Task instructions:
Wherever the string "cosD" appears in the records, return the line that holds it.

(Information provided begins)

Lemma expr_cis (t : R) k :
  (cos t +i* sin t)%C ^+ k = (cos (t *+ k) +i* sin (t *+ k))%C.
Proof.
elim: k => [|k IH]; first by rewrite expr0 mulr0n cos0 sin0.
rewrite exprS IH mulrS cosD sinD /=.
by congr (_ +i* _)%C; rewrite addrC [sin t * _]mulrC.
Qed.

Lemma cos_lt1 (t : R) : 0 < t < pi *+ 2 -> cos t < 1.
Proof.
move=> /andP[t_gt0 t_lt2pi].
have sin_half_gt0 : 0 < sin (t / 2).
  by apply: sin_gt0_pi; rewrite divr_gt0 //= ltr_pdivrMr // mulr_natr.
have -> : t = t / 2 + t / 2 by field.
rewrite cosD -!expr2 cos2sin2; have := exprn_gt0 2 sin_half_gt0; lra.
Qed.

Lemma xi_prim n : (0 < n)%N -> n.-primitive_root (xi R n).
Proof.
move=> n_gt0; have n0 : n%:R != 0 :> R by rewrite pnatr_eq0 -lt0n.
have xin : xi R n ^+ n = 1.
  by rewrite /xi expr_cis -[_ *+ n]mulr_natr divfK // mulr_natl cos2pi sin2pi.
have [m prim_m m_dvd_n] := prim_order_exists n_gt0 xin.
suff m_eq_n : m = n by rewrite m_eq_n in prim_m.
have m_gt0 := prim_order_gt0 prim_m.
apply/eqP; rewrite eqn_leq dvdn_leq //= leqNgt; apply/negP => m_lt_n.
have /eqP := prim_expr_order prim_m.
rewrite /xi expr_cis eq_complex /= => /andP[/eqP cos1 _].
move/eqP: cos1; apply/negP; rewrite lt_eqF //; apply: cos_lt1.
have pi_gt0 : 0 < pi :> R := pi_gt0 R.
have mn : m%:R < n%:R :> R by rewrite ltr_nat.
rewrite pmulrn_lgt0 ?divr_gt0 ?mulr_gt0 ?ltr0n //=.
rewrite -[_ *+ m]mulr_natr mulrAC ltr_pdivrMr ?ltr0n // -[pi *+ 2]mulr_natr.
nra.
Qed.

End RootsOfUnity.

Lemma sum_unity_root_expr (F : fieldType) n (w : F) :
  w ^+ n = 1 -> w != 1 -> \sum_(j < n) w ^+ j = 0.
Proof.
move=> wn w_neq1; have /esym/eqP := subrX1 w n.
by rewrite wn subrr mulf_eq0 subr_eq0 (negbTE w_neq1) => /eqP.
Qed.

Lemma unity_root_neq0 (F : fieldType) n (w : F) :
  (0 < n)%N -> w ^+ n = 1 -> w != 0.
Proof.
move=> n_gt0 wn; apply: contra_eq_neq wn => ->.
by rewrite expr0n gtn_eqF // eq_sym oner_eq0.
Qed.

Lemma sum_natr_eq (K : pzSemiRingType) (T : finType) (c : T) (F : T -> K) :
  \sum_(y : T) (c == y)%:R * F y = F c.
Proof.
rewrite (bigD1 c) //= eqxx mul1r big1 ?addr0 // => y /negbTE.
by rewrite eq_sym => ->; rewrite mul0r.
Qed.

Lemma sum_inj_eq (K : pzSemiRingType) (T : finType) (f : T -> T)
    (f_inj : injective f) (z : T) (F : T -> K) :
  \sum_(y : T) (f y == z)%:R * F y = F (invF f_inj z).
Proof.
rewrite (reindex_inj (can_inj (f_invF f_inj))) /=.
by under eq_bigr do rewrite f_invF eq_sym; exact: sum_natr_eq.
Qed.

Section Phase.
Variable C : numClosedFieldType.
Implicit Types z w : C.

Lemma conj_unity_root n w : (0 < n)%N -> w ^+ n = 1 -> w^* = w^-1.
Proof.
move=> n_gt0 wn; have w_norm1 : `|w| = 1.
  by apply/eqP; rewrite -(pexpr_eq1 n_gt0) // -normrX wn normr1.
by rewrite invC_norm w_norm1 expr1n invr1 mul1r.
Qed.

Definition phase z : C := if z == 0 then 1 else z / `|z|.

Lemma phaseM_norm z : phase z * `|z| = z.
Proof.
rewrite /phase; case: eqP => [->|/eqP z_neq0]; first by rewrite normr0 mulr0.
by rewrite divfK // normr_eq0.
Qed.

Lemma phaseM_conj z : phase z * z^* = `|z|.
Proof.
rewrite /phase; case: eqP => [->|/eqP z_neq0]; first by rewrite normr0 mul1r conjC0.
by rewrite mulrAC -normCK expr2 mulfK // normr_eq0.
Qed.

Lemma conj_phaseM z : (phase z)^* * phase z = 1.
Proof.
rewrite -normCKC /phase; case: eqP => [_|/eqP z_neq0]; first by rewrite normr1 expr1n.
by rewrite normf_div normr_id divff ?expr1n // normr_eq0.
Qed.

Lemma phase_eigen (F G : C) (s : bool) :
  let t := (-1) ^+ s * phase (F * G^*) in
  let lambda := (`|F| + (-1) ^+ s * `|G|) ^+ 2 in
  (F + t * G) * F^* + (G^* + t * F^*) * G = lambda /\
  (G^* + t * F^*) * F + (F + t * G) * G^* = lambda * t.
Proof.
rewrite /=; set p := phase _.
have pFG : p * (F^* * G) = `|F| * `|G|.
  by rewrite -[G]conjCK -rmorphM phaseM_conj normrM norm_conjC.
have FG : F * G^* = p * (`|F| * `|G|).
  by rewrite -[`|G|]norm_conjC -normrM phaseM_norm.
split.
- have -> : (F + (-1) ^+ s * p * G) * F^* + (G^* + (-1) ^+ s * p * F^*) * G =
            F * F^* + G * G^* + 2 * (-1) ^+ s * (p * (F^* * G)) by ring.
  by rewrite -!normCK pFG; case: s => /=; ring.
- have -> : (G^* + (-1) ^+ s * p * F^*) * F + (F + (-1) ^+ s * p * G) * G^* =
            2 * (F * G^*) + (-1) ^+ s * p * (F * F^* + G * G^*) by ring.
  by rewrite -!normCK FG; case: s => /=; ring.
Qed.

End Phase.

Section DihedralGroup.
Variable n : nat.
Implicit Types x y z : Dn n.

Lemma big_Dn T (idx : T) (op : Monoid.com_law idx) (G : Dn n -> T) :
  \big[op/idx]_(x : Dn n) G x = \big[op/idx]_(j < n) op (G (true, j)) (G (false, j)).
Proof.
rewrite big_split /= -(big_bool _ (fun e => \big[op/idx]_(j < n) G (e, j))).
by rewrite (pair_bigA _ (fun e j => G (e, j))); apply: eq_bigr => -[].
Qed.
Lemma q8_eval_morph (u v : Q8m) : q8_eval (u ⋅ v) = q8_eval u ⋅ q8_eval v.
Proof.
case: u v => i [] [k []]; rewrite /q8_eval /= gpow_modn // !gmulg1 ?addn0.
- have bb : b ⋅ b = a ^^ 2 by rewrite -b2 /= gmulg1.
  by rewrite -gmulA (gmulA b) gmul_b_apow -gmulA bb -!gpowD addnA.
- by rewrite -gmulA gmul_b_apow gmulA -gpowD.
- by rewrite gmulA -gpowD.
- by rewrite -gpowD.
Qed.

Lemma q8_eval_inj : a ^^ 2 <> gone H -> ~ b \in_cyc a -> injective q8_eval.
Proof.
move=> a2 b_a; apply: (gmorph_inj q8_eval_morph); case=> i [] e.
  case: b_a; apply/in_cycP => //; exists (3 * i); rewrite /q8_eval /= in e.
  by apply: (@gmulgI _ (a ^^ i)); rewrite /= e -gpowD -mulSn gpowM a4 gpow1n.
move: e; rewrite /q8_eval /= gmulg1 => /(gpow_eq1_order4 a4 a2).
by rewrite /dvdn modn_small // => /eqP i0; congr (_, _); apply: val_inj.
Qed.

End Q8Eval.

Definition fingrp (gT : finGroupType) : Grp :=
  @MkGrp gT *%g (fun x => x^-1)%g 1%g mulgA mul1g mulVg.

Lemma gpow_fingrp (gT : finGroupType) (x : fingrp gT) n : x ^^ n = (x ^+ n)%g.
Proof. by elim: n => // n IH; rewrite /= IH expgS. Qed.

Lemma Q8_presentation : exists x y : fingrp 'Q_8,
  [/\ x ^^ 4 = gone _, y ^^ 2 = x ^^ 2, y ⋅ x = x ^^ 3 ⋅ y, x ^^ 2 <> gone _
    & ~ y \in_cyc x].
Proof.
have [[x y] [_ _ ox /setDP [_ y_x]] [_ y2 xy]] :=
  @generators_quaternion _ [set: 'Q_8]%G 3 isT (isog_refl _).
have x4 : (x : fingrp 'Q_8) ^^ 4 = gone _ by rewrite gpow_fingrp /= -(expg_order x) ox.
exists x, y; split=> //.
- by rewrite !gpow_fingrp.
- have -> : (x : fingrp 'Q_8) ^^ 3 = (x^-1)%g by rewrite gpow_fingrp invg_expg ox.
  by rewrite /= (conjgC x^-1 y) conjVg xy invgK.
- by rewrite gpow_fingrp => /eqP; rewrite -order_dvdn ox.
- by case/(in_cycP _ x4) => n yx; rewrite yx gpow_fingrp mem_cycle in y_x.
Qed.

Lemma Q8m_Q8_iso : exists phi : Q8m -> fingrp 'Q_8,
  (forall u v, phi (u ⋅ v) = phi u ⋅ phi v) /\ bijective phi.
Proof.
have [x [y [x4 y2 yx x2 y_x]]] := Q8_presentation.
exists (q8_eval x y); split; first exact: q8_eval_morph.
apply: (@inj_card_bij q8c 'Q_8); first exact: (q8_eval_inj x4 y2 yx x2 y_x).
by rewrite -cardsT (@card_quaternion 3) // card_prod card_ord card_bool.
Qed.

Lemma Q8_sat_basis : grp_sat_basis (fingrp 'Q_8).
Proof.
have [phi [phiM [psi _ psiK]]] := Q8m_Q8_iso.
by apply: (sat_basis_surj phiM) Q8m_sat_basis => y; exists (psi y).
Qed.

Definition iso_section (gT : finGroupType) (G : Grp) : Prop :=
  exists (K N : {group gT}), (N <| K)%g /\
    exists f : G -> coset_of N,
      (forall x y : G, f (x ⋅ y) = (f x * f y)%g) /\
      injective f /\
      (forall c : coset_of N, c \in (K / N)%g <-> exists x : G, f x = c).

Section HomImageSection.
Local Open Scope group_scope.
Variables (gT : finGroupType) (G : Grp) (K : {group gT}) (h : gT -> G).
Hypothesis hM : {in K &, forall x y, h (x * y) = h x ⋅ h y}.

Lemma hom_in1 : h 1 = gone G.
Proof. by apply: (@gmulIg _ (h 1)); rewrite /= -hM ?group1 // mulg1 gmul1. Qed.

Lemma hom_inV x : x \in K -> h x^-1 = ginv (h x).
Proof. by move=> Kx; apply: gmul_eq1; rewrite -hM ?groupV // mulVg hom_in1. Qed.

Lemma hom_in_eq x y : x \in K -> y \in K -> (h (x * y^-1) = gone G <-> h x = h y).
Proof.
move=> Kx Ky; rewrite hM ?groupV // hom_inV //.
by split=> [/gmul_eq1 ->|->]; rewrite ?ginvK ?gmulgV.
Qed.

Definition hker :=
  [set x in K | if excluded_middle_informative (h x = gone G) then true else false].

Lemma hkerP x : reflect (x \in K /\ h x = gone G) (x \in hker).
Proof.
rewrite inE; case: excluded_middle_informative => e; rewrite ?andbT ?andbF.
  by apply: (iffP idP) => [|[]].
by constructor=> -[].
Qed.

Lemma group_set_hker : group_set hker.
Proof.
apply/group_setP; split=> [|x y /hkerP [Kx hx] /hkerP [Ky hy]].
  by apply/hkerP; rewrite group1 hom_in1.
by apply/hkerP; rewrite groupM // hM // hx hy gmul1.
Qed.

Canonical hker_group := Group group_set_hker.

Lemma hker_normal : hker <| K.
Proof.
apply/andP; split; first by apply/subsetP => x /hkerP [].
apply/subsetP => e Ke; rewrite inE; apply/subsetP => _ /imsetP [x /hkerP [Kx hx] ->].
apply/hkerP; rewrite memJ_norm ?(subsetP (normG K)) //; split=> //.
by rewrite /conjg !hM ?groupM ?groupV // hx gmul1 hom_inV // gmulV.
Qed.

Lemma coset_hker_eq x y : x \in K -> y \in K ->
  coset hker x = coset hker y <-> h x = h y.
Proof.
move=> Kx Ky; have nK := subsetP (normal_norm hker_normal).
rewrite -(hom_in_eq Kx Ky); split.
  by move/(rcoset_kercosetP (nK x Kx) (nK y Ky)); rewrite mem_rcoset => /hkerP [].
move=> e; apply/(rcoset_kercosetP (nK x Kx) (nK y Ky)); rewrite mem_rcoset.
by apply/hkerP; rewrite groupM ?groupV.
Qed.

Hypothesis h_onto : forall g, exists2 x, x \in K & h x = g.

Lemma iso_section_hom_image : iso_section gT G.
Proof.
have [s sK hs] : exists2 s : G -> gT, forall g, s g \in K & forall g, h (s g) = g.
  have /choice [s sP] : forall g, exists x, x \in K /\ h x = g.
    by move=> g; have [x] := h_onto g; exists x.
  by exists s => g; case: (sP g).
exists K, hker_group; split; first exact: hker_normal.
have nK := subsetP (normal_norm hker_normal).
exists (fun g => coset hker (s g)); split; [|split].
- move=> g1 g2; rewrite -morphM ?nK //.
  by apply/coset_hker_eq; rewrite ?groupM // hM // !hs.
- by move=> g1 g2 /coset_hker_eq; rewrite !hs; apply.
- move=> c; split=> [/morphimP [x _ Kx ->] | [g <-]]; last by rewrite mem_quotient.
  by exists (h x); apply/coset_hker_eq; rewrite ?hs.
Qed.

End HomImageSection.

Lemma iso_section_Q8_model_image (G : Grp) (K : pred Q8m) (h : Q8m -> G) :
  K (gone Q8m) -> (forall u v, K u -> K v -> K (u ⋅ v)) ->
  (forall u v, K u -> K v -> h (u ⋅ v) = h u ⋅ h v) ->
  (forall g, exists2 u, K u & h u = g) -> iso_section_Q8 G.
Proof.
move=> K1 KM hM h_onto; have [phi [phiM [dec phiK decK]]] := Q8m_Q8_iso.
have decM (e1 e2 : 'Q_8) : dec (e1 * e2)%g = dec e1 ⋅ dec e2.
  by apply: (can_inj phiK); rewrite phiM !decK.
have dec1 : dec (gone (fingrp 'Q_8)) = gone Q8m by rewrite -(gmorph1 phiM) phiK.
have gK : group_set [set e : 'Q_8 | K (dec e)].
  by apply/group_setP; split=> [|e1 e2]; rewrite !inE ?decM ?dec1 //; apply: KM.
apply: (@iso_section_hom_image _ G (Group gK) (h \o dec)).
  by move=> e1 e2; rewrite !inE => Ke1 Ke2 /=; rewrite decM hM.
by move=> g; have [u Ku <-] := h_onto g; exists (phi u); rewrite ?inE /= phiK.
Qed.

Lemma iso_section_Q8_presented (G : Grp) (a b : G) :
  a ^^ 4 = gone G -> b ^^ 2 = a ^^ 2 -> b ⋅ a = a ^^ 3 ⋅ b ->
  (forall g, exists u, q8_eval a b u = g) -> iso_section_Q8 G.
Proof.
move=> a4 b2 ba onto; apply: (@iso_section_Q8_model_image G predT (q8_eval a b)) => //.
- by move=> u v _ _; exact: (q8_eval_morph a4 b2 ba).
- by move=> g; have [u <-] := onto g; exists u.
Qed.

(Information provided ends)
(Information provided begins)

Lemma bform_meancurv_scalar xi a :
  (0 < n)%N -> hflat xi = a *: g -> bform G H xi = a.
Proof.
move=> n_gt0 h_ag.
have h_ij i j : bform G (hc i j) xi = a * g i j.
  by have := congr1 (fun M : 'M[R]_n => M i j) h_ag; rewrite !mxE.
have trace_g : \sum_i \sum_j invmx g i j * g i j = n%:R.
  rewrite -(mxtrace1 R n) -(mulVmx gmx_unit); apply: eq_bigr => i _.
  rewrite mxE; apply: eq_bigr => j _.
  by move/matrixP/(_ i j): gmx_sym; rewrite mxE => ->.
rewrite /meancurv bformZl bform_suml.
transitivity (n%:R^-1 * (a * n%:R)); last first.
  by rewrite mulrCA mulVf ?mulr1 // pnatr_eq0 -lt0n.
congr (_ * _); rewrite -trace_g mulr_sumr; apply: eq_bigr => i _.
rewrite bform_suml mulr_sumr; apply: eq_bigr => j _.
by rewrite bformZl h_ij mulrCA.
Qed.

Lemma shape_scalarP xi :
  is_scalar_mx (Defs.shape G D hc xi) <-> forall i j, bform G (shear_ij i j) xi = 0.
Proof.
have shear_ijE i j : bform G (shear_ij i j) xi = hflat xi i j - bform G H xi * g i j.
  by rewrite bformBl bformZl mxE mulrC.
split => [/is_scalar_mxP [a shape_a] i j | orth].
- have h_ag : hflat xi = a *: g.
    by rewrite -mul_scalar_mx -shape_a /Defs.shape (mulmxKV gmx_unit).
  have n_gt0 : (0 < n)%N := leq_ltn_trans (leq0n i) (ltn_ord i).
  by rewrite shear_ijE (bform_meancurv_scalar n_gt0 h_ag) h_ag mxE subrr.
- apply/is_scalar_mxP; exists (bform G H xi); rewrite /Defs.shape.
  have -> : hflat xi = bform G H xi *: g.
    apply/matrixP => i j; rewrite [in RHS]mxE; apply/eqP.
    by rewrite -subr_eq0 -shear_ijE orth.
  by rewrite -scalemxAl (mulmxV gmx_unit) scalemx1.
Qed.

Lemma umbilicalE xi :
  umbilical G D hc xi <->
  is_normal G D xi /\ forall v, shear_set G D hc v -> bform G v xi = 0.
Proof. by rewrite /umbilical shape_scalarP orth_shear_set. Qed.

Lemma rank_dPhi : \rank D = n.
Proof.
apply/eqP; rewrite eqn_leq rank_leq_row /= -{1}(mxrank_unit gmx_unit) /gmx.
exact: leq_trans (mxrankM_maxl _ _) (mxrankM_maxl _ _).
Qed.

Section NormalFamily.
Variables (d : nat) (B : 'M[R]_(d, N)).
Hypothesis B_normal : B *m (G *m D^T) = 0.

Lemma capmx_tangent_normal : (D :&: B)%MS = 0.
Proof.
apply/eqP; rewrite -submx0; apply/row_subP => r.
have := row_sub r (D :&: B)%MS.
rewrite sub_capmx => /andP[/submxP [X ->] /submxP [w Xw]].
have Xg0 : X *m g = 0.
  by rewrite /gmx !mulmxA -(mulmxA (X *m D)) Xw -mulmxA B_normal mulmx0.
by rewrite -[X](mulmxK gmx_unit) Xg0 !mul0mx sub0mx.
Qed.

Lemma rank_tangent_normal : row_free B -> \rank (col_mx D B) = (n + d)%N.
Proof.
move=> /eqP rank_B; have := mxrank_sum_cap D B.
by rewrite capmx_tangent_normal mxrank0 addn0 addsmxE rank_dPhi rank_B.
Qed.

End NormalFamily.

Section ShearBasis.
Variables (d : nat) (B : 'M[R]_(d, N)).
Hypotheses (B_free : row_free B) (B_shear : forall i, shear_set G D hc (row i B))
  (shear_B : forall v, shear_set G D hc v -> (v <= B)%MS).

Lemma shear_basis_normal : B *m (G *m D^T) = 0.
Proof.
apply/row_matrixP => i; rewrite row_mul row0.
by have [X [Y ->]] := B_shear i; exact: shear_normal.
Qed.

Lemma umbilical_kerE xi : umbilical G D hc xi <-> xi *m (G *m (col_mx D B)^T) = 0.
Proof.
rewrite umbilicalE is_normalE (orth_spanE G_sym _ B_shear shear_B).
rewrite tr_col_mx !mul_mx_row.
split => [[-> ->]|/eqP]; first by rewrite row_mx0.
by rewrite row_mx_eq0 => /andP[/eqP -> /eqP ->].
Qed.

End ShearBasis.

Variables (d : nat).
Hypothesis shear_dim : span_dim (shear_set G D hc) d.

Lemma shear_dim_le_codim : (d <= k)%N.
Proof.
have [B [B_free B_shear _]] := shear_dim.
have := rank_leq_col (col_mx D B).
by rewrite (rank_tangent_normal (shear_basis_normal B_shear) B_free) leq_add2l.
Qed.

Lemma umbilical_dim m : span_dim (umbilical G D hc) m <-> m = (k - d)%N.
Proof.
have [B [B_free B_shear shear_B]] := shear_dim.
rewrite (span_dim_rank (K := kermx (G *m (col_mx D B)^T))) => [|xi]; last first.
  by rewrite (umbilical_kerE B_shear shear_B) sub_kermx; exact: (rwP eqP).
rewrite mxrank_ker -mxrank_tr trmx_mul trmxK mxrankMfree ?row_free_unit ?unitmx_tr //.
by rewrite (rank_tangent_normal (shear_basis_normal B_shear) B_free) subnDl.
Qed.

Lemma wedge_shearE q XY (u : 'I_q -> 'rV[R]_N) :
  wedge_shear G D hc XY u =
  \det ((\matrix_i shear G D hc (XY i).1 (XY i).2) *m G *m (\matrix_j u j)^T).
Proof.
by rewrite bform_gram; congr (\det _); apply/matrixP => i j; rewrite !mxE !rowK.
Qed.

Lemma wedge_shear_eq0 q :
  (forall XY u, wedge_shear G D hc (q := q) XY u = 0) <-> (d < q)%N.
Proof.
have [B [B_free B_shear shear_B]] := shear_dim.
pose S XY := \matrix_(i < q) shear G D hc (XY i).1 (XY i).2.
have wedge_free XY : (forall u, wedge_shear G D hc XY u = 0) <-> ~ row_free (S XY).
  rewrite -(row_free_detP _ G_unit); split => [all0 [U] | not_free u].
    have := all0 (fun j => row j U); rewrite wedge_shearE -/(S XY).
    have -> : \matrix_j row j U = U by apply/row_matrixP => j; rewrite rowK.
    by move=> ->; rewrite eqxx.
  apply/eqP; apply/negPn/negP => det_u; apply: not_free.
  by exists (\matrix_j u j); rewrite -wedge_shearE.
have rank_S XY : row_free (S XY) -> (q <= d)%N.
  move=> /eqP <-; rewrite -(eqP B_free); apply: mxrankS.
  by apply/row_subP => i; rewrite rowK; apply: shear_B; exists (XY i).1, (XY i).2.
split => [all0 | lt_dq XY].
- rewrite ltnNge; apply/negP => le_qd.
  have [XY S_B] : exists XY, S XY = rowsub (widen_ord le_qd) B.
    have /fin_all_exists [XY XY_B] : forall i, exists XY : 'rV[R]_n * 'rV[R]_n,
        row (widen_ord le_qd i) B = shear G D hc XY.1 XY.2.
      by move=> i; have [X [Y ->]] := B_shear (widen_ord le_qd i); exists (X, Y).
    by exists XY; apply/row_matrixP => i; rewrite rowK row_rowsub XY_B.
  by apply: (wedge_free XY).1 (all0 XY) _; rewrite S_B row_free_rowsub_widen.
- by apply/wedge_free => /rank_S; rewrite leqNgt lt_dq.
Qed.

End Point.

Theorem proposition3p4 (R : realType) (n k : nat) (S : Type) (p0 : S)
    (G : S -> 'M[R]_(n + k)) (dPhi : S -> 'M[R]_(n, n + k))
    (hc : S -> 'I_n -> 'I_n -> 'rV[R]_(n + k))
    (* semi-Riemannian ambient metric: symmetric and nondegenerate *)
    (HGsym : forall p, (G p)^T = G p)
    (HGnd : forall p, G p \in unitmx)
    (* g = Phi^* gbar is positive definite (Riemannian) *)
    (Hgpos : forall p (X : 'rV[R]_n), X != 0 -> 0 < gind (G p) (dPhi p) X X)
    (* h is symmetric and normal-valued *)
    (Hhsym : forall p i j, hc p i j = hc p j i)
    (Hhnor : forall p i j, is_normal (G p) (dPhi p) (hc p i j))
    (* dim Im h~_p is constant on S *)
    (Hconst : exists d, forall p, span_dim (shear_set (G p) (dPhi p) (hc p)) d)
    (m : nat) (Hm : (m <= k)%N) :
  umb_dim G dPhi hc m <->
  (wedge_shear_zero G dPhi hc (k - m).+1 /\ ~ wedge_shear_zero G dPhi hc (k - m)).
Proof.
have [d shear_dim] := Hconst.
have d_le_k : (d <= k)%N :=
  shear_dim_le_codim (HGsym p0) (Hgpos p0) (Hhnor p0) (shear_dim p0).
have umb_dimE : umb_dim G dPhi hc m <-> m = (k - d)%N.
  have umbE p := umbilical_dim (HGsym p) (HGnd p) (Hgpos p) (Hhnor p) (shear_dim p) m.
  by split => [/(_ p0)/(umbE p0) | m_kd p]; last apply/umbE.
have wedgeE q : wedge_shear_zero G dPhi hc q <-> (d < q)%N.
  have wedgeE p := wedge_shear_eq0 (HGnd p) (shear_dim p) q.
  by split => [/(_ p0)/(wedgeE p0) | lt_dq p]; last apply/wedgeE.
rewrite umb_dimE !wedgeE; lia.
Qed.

(Information provided ends)

Exercise answer:
rewrite exprS IH mulrS cosD sinD /=.
rewrite cosD -!expr2 cos2sin2; have := exprn_gt0 2 sin_half_gt0; lra.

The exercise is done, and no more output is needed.